[Opening MATERIAL SHOWN section]

(* Under the Standing Setup and Assumption (G) described in the context, let $V_{n-k}\subseteq\mathbf{F}_2^n$ be the subspace spanned by the last $n-k$ standard basis vectors. Then $$\mathcal{E}(PC_{f,\mathcal{T}})=\frac{1}{2^{k2^{s-1}}}\sum_{\alpha\in\mathbf{F}_2^{k2^{s-1}}}\ \prod_{c=0}^{2^s-1}\mathcal{E}\big(f_{\chi(c,\alpha)+V_{n-k}}\big).$$
   Context: Standing Setup. $f:\mathbf{F}_2^n\to\mathbf{F}_2$ is a Boolean function. $\mathbf{x}_1,\ldots,\mathbf{x}_n$ are binary sequences, $\mathbf{x}_j=(x_j(t))_{t\ge0}$, with $\mathbf{x}_j$ periodic of period $T_j$, i.e. $x_j(t)=x_j(t \bmod T_j)$. Let $s\ge1$ and integers $0=\ell_1<\ell_2<\cdots<\ell_{s+1}=k\le n$; variable $j$ belongs to block $i$ if $\ell_i<j\le\ell_{i+1}$. For $1\le i\le s$, $M_i=q_i\,\mathrm{lcm}(T_{\ell_i+1},\ldots,T_{\ell_{i+1}})$ with $q_i$ a positive integer. For $c=\sum_{i=1}^s c_i2^{i-1}\in\{0,\ldots,2^s-1\}$ with $c_i\in\{0,1\}$, put $\tau_c=\sum_{i=1}^s c_iM_i$, and $\mathcal{T}=\{\tau_c\}$. The parity-check sequence is $PC_{f,\mathcal{T}}(t)=\bigoplus_{c=0}^{2^s-1} f\big(x_1(t+\tau_c),\ldots,x_n(t+\tau_c)\big)$. The bias of a Boolean function $h$ of $m$ variables is $\mathcal{E}(h)=2^{-m}\sum_{x\in\mathbf{F}_2^m}(-1)^{h(x)}$. The bias $\mathcal{E}(PC_{f,\mathcal{T}})$ is the bias of $PC_{f,\mathcal{T}}(t)$ (for a fixed $t\ge0$) viewed as a Boolean function of the $T_1+\cdots+T_n$ bits $x_j(0),\ldots,x_j(T_j-1)$, $1\le j\le n$; equivalently $\mathbb{E}[(-1)^{PC_{f,\mathcal{T}}(t)}]$ when these bits are independent and uniform. Assumption (G): (i) for every $j$ with $k<j\le n$, the $2^s$ integers $\tau_c$ are pairwise incongruent modulo $T_j$; (ii) for every $i\in\{1,\ldots,s\}$ and every $j$ in block $i$, the $2^{s-1}$ integers $\sum_{l\ne i}c_lM_l$ ($c_l\in\{0,1\}$) are pairwise incongruent modulo $T_j$. The map $\chi$: write $\alpha\in\mathbf{F}_2^{k2^{s-1}}$ as $\alpha=(\alpha_1,\ldots,\alpha_k)$ with $\alpha_j=(\alpha_{j,0},\ldots,\alpha_{j,2^{s-1}-1})\in\mathbf{F}_2^{2^{s-1}}$. For $0\le c<2^s$ define $\chi(c,\alpha)=(\chi_1(c,\alpha),\ldots,\chi_k(c,\alpha),0,\ldots,0)\in\mathbf{F}_2^n$ (last $n-k$ coordinates zero), where for $j$ in block $i$, $\chi_j(c,\alpha)=\alpha_{j,m}$ with $m$ the integer obtained from the binary expansion of $c$ by deleting the bit $c_i$ (the bit of weight $2^{i-1}$); explicitly, if $c=2^iq+c_i2^{i-1}+r$ with $0\le r<2^{i-1}$, then $m=2^{i-1}q+r$. (Thus $\chi_j(c,\alpha)=\chi_j(c-2^{i-1},\alpha)$ whenever $c_i=1$.) For $a\in V_k$ (the span of the first $k$ standard basis vectors), the restriction $f_{a+V_{n-k}}$ is the Boolean function $y\in V_{n-k}\mapsto f(a+y)$ of $n-k$ variables, so $\mathcal{E}(f_{a+V_{n-k}})=2^{-(n-k)}\sum_{y\in V_{n-k}}(-1)^{f(a+y)}$. *)

From HB Require Import structures.
From mathcomp Require Import all_boot all_order all_algebra.
Set Implicit Arguments. Unset Strict Implicit. Unset Printing Implicit Defensive.
Import Order.TTheory GRing.Theory Num.Theory.

(* Vectors of F_2^n, with F_2 = bool (addition = xor = addb). *)
Definition bvec (n : nat) := {ffun 'I_n -> bool}.

Definition bias (K : finType) (h : {ffun K -> bool} -> bool) : rat :=
  ((2 ^ #|K|)%:R)^-1 * \sum_(x : {ffun K -> bool}) (-1) ^+ h x.

(* Index set of the T_0 + ... + T_{n-1} bits x_j(0..T_j-1) (variables 0-based). *)
Definition bitidx (n : nat) (T : nat -> nat) := {j : 'I_n & 'I_(T j)}.
Definition Bits (n : nat) (T : nat -> nat) := {ffun bitidx n T -> bool}.

(* x_j(t) = x_j(t mod T_j) for the periodic sequence determined by the bits X. *)
Definition xval (n : nat) (T : nat -> nat) (X : Bits n T) (j : 'I_n) (t : nat)
  : bool :=
  match (insub (t %% T j) : option 'I_(T j)) with
  | Some i => X (Tagged (fun j : 'I_n => 'I_(T j)) i)
  | None => false
  end.

Definition cbit (c i : nat) : bool := odd (c %/ 2 ^ i).

(* Blocks are 0-based: block i (0 <= i < s) consists of the 0-based variables
   j with l i <= j < l i.+1.  M_i = q_i * lcm of the periods in block i. *)
Definition Mblk (T q l : nat -> nat) (i : nat) : nat :=
  q i * \big[lcmn/1]_(l i <= j < l i.+1) T j.

Definition tau (s : nat) (M : nat -> nat) (c : nat) : nat :=
  \sum_(i < s) cbit c i * M i.

Definition PC (n s : nat) (T : nat -> nat) (M : nat -> nat)
  (f : bvec n -> bool) (t : nat) (X : Bits n T) : bool :=
  \big[addb/false]_(c < 2 ^ s) f [ffun j : 'I_n => xval X j (t + tau s M c)].

(* delete bit i (weight 2^i) from c: c = 2^{i+1} q + c_i 2^i + r  |->  2^i q + r *)
Definition delbit (i c : nat) : nat := 2 ^ i * (c %/ 2 ^ i.+1) + c %% 2 ^ i.

Definition alpha_at (k s : nat) (alpha : {ffun 'I_k * 'I_(2 ^ (s - 1)) -> bool})
  (j m : nat) : bool :=
  match (insub j : option 'I_k), (insub m : option 'I_(2 ^ (s - 1))) with
  | Some j', Some m' => alpha (j', m')
  | _, _ => false
  end.

Definition chi (n k s : nat) (l : nat -> nat)
  (alpha : {ffun 'I_k * 'I_(2 ^ (s - 1)) -> bool}) (c : nat) : bvec n :=
  [ffun j : 'I_n => [exists i : 'I_s,
      (l i <= j < l i.+1) && alpha_at alpha j (delbit i c)]].

Definition Vlast (n k : nat) (y : bvec n) : bool := [forall j : 'I_n, (j < k) ==> ~~ y j].

Definition restr_bias (n k : nat) (f : bvec n -> bool) (a : bvec n) : rat :=
  ((2 ^ (n - k))%:R)^-1 *
  \sum_(y : bvec n | Vlast k y) (-1) ^+ f [ffun j => addb (a j) (y j)].

From HB Require Import structures.
From mathcomp Require Import all_boot all_order all_algebra.
Import Order.TTheory GRing.Theory Num.Theory.

Set Implicit Arguments.
Unset Strict Implicit.
Unset Printing Implicit Defensive.

(* At time t + tau_c, a variable j of block i is read at a position that only
   depends on c with bit i deleted: tau_c = tau_{c'} + c_i M_i where c' is c
   with bit i cleared, and T_j divides M_i.  A variable j >= k outside the
   blocks is read at t + tau_c.  Assumption (G) says exactly that all these
   positions are pairwise distinct, i.e. PC(t) only reads its input X through
   an injective map  bitpos : Free -> bits,  where Free indexes the pairs
   (j, m) with j < k, m < 2^{s-1} (giving alpha) and the pairs (c, r) with
   c < 2^s, r < n - k (giving a tail vector w_c for each c).  A function of
   injectively selected uniform bits has the same bias as a function of its
   own bits, so E(PC) is the bias of  xor_c f(chi(c, alpha) + w_c)  over
   independent alpha and w_c.  Splitting the sum over Free into alpha and
   the w_c, and expanding the product of the restricted biases
   E(f_{chi(c, alpha) + V_{n-k}}) as a sum over the w_c, gives the formula. *)

(* Summing over X a quantity that depends only on X o pi, for pi injective,
   counts each value Z of X o pi once per free choice of X off the image of pi. *)
Lemma sum_ffun_comp_inj (K L V : finType) (R : nmodType) (pi : L -> K)
    (G : {ffun L -> V} -> R) : injective pi ->
  (\sum_(X : {ffun K -> V}) G [ffun x => X (pi x)] =
   \sum_(Z : {ffun L -> V}) G Z *+ #|V| ^ (#|K| - #|L|))%R.
Proof.
move=> pi_inj.
rewrite (partition_big (fun X : {ffun K -> V} => [ffun x => X (pi x)]) predT) //=.
apply: eq_bigr => Z _.
rewrite (eq_bigr (fun _ => G Z)); last by move=> X; rewrite ?andTb => /eqP ->.
rewrite sumr_const; congr (_ *+ _)%R.
pose F x := if [pick y | pi y == x] is Some y then pred1 (Z y) else predT.
have -> : #|[pred X : {ffun K -> V} | [ffun x => X (pi x)] == Z]| = #|family F|.
  apply: eq_card => X; rewrite inE; apply/eqP/familyP => [XZ x | XF].
    by rewrite /F; case: pickP => [y /eqP <- | _]; rewrite ?inE // -XZ ffunE.
  apply/ffunP => y; rewrite ffunE; have := XF (pi y); rewrite /F.
  by case: pickP => [y' /eqP /pi_inj -> /eqP // | /(_ y)]; rewrite eqxx.
rewrite card_family foldrE big_map big_enum /= (bigID (mem (codom pi))) /=.
rewrite big1 ?mul1n => [|x /codomP[y ->]]; last first.
  by rewrite /F; case: pickP => [y' _ | /(_ y)]; rewrite ?card1 ?eqxx.
rewrite (eq_bigr (fun _ => #|V|)) => [|x pi'x]; last first.
  by rewrite /F; case: pickP => // y /eqP yx; case/negP: pi'x; rewrite -yx codom_f.
rewrite prod_nat_const -(cardC (mem (codom pi))) card_codom // addKn.
by congr (_ ^ _); apply: eq_card => x; rewrite !inE.
Qed.

Lemma eq_bias (K : finType) (h1 h2 : {ffun K -> bool} -> bool) :
  h1 =1 h2 -> bias h1 = bias h2.
Proof. by move=> eq_h; rewrite /bias; under eq_bigr do rewrite eq_h. Qed.

Lemma bias_comp_inj (K L : finType) (pi : L -> K) (G : {ffun L -> bool} -> bool) :
  injective pi -> bias (fun X : {ffun K -> bool} => G [ffun x => X (pi x)]) = bias G.
Proof.
move=> pi_inj; rewrite /bias (sum_ffun_comp_inj (fun Z => (-1) ^+ G Z)%R pi_inj).
rewrite sumrMnl card_bool mulrnAr -mulr_natl mulrA; congr (_ * _)%R.
have le_LK : #|L| <= #|K| := leq_card pi pi_inj.
rewrite -{2}(subnK le_LK) expnD natrM invfM mulrA mulfV ?mul1r //.
by rewrite pnatr_eq0 expn_eq0.
Qed.

Lemma sign_xor (R : pzRingType) (I : Type) (r : seq I) (P : pred I) (b : I -> bool) :
  ((-1) ^+ (\big[addb/false]_(i <- r | P i) b i) = \prod_(i <- r | P i) (-1) ^+ b i :> R)%R.
Proof. by apply: (big_morph _ (@signr_addb R)); rewrite expr0. Qed.

Lemma sum_ffun_sum (A B V : finType) (R : nmodType)
    (F : {ffun A -> V} -> {ffun B -> V} -> R) :
  (\sum_(Z : {ffun A + B -> V}) F [ffun a => Z (inl a)] [ffun b => Z (inr b)] =
   \sum_(Za : {ffun A -> V}) \sum_(Zb : {ffun B -> V}) F Za Zb)%R.
Proof.
rewrite pair_big /= (reindex (fun Z : {ffun A + B -> V} =>
  ([ffun a => Z (inl a)], [ffun b => Z (inr b)]))) //.
exists (fun p : {ffun A -> V} * {ffun B -> V} =>
  [ffun x : A + B => match x return V with inl a => p.1 a | inr b => p.2 b end]).
  by move=> Z _; apply/ffunP => [[a|b]]; rewrite !ffunE.
by move=> [Za Zb] _; congr (_, _); apply/ffunP => x; rewrite !ffunE.
Qed.

Lemma sum_ffun_curry (B C V : finType) (R : nmodType) (F : {ffun B -> {ffun C -> V}} -> R) :
  (\sum_(Y : {ffun B * C -> V}) F [ffun b => [ffun c => Y (b, c)]] = \sum_W F W)%R.
Proof.
rewrite (reindex (fun W : {ffun B -> {ffun C -> V}} => [ffun p => W p.1 p.2])) /=.
  by apply: eq_bigr => W _; congr F; apply/ffunP => b; apply/ffunP => c; rewrite !ffunE.
exists (fun Y : {ffun B * C -> V} => [ffun b => [ffun c => Y (b, c)]]) => [W _|Y _].
  by apply/ffunP => b; apply/ffunP => c; rewrite !ffunE.
by apply/ffunP => [[b c]]; rewrite !ffunE.
Qed.

Lemma cbit_div (c i j : nat) : cbit (c %/ 2 ^ i) j = cbit c (i + j).
Proof. by rewrite /cbit -divnMA -expnD. Qed.

Lemma cbit_split (i a b j : nat) : b < 2 ^ i ->
  cbit (2 ^ i * a + b) j = if j < i then cbit b j else cbit a (j - i).
Proof.
move=> b_lt; case: ltnP => [lt_ji | le_ij].
  have split_i : 2 ^ i = 2 ^ (i - j) * 2 ^ j by rewrite -expnD subnK // ltnW.
  rewrite split_i mulnAC /cbit divnMDl ?expn_gt0 // oddD oddM oddX.
  by rewrite subn_eq0 leqNgt lt_ji.
rewrite -{1}(subnKC le_ij) -cbit_div mulnC divnMDl ?expn_gt0 //.
by rewrite divn_small ?addn0.
Qed.

Lemma cbit_mod (c i j : nat) : j < i -> cbit (c %% 2 ^ i) j = cbit c j.
Proof.
move=> lt_ji; rewrite [in RHS](divn_eq c (2 ^ i)) mulnC.
by rewrite cbit_split ?ltn_pmod ?expn_gt0 // lt_ji.
Qed.

Lemma div_pack (i a b : nat) : b < 2 ^ i -> (2 ^ i * a + b) %/ 2 ^ i = a.
Proof. by move=> b_lt; rewrite mulnC divnMDl ?expn_gt0 // divn_small ?addn0. Qed.

Lemma mod_pack (i a b : nat) : b < 2 ^ i -> (2 ^ i * a + b) %% 2 ^ i = b.
Proof. by move=> b_lt; rewrite mulnC modnMDl modn_small. Qed.

Lemma lt_pack (i p a b : nat) : b < 2 ^ i -> a < 2 ^ p -> 2 ^ i * a + b < 2 ^ (i + p).
Proof.
move=> b_lt a_lt; rewrite expnD (@leq_trans (2 ^ i * a.+1)) //.
  by rewrite mulnS addnC ltn_add2r.
by rewrite leq_mul2l a_lt orbT.
Qed.

(* Insert a 0 bit at position i: inverse of delbit on numbers with bit i clear. *)
Definition insbit (i m : nat) : nat := 2 ^ i * (2 * (m %/ 2 ^ i)) + m %% 2 ^ i.

Lemma delbit_insbit (i m : nat) : delbit i (insbit i m) = m.
Proof.
have m_lt : m %% 2 ^ i < 2 ^ i by rewrite ltn_pmod ?expn_gt0.
rewrite /delbit /insbit expnSr divnMA div_pack // mulKn // mod_pack //.
by rewrite mulnC -divn_eq.
Qed.

Lemma cbit_insbit_delbit (i c j : nat) :
  cbit (insbit i (delbit i c)) j = (j != i) && cbit c j.
Proof.
have c_lt : c %% 2 ^ i < 2 ^ i by rewrite ltn_pmod ?expn_gt0.
rewrite /insbit /delbit div_pack // mod_pack // cbit_split //.
case: ltngtP => [lt_ji | lt_ij | ->]; rewrite ?cbit_mod //.
- rewrite -(subnSK lt_ij) /cbit [2 ^ (j - i.+1).+1]expnS divnMA mulKn //.
  by rewrite -divnMA -expnD subnKC.
- by rewrite subnn /cbit divn1 oddM.
Qed.

Lemma cbit_insbit (i m : nat) : cbit (insbit i m) i = false.
Proof. by rewrite -{1}(delbit_insbit i m) cbit_insbit_delbit eqxx. Qed.

Lemma delbit_lt (s i c : nat) : i < s -> c < 2 ^ s -> delbit i c < 2 ^ (s - 1).
Proof.
case: s => // s lt_is c_lt; rewrite subn1 /=.
have r_lt : c %% 2 ^ i < 2 ^ i by rewrite ltn_pmod ?expn_gt0.
have q_lt : c %/ 2 ^ i.+1 < 2 ^ (s - i).
  by rewrite ltn_divLR ?expn_gt0 // -expnD addnS subnK.
by have := lt_pack r_lt q_lt; rewrite subnKC.
Qed.

Lemma insbit_lt (s i m : nat) : i < s -> m < 2 ^ (s - 1) -> insbit i m < 2 ^ s.
Proof.
case: s => // s lt_is; rewrite subn1 /= => m_lt.
have r_lt : m %% 2 ^ i < 2 ^ i by rewrite ltn_pmod ?expn_gt0.
have q_lt : 2 * (m %/ 2 ^ i) < 2 ^ (s - i).+1.
  by rewrite expnS ltn_pmul2l // ltn_divLR ?expn_gt0 // -expnD subnK.
by have := lt_pack r_lt q_lt; rewrite addnS subnKC.
Qed.

Lemma tau_delbit (s : nat) (M : nat -> nat) (i c : nat) : i < s ->
  tau s M c = tau s M (insbit i (delbit i c)) + cbit c i * M i.
Proof.
move=> lt_is; rewrite /tau (bigD1 (Ordinal lt_is)) // [in RHS](bigD1 (Ordinal lt_is)) //=.
rewrite cbit_insbit_delbit eqxx add0n addnC; congr (_ + _); apply: eq_bigr => j ne_ji.
by rewrite cbit_insbit_delbit (ne_ji : (j : nat) != i).
Qed.

Section Blocks.
Variables (s : nat) (l : nat -> nat).
Hypotheses (l0 : l 0 = 0) (l_incr : forall i, i < s -> l i < l i.+1).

[Closing MATERIAL SHOWN section]

▶ [EXERCISE]: Repeat, character for character, the lines of the material above from the line with "Definition PC (n" through the line with "alpha (j', m')".

▶ [RESPONSE FOR THIS EXERCISE]:
Definition PC (n s : nat) (T : nat -> nat) (M : nat -> nat)
  (f : bvec n -> bool) (t : nat) (X : Bits n T) : bool :=
  \big[addb/false]_(c < 2 ^ s) f [ffun j : 'I_n => xval X j (t + tau s M c)].

(* delete bit i (weight 2^i) from c: c = 2^{i+1} q + c_i 2^i + r  |->  2^i q + r *)
Definition delbit (i c : nat) : nat := 2 ^ i * (c %/ 2 ^ i.+1) + c %% 2 ^ i.

Definition alpha_at (k s : nat) (alpha : {ffun 'I_k * 'I_(2 ^ (s - 1)) -> bool})
  (j m : nat) : bool :=
  match (insub j : option 'I_k), (insub m : option 'I_(2 ^ (s - 1))) with
  | Some j', Some m' => alpha (j', m')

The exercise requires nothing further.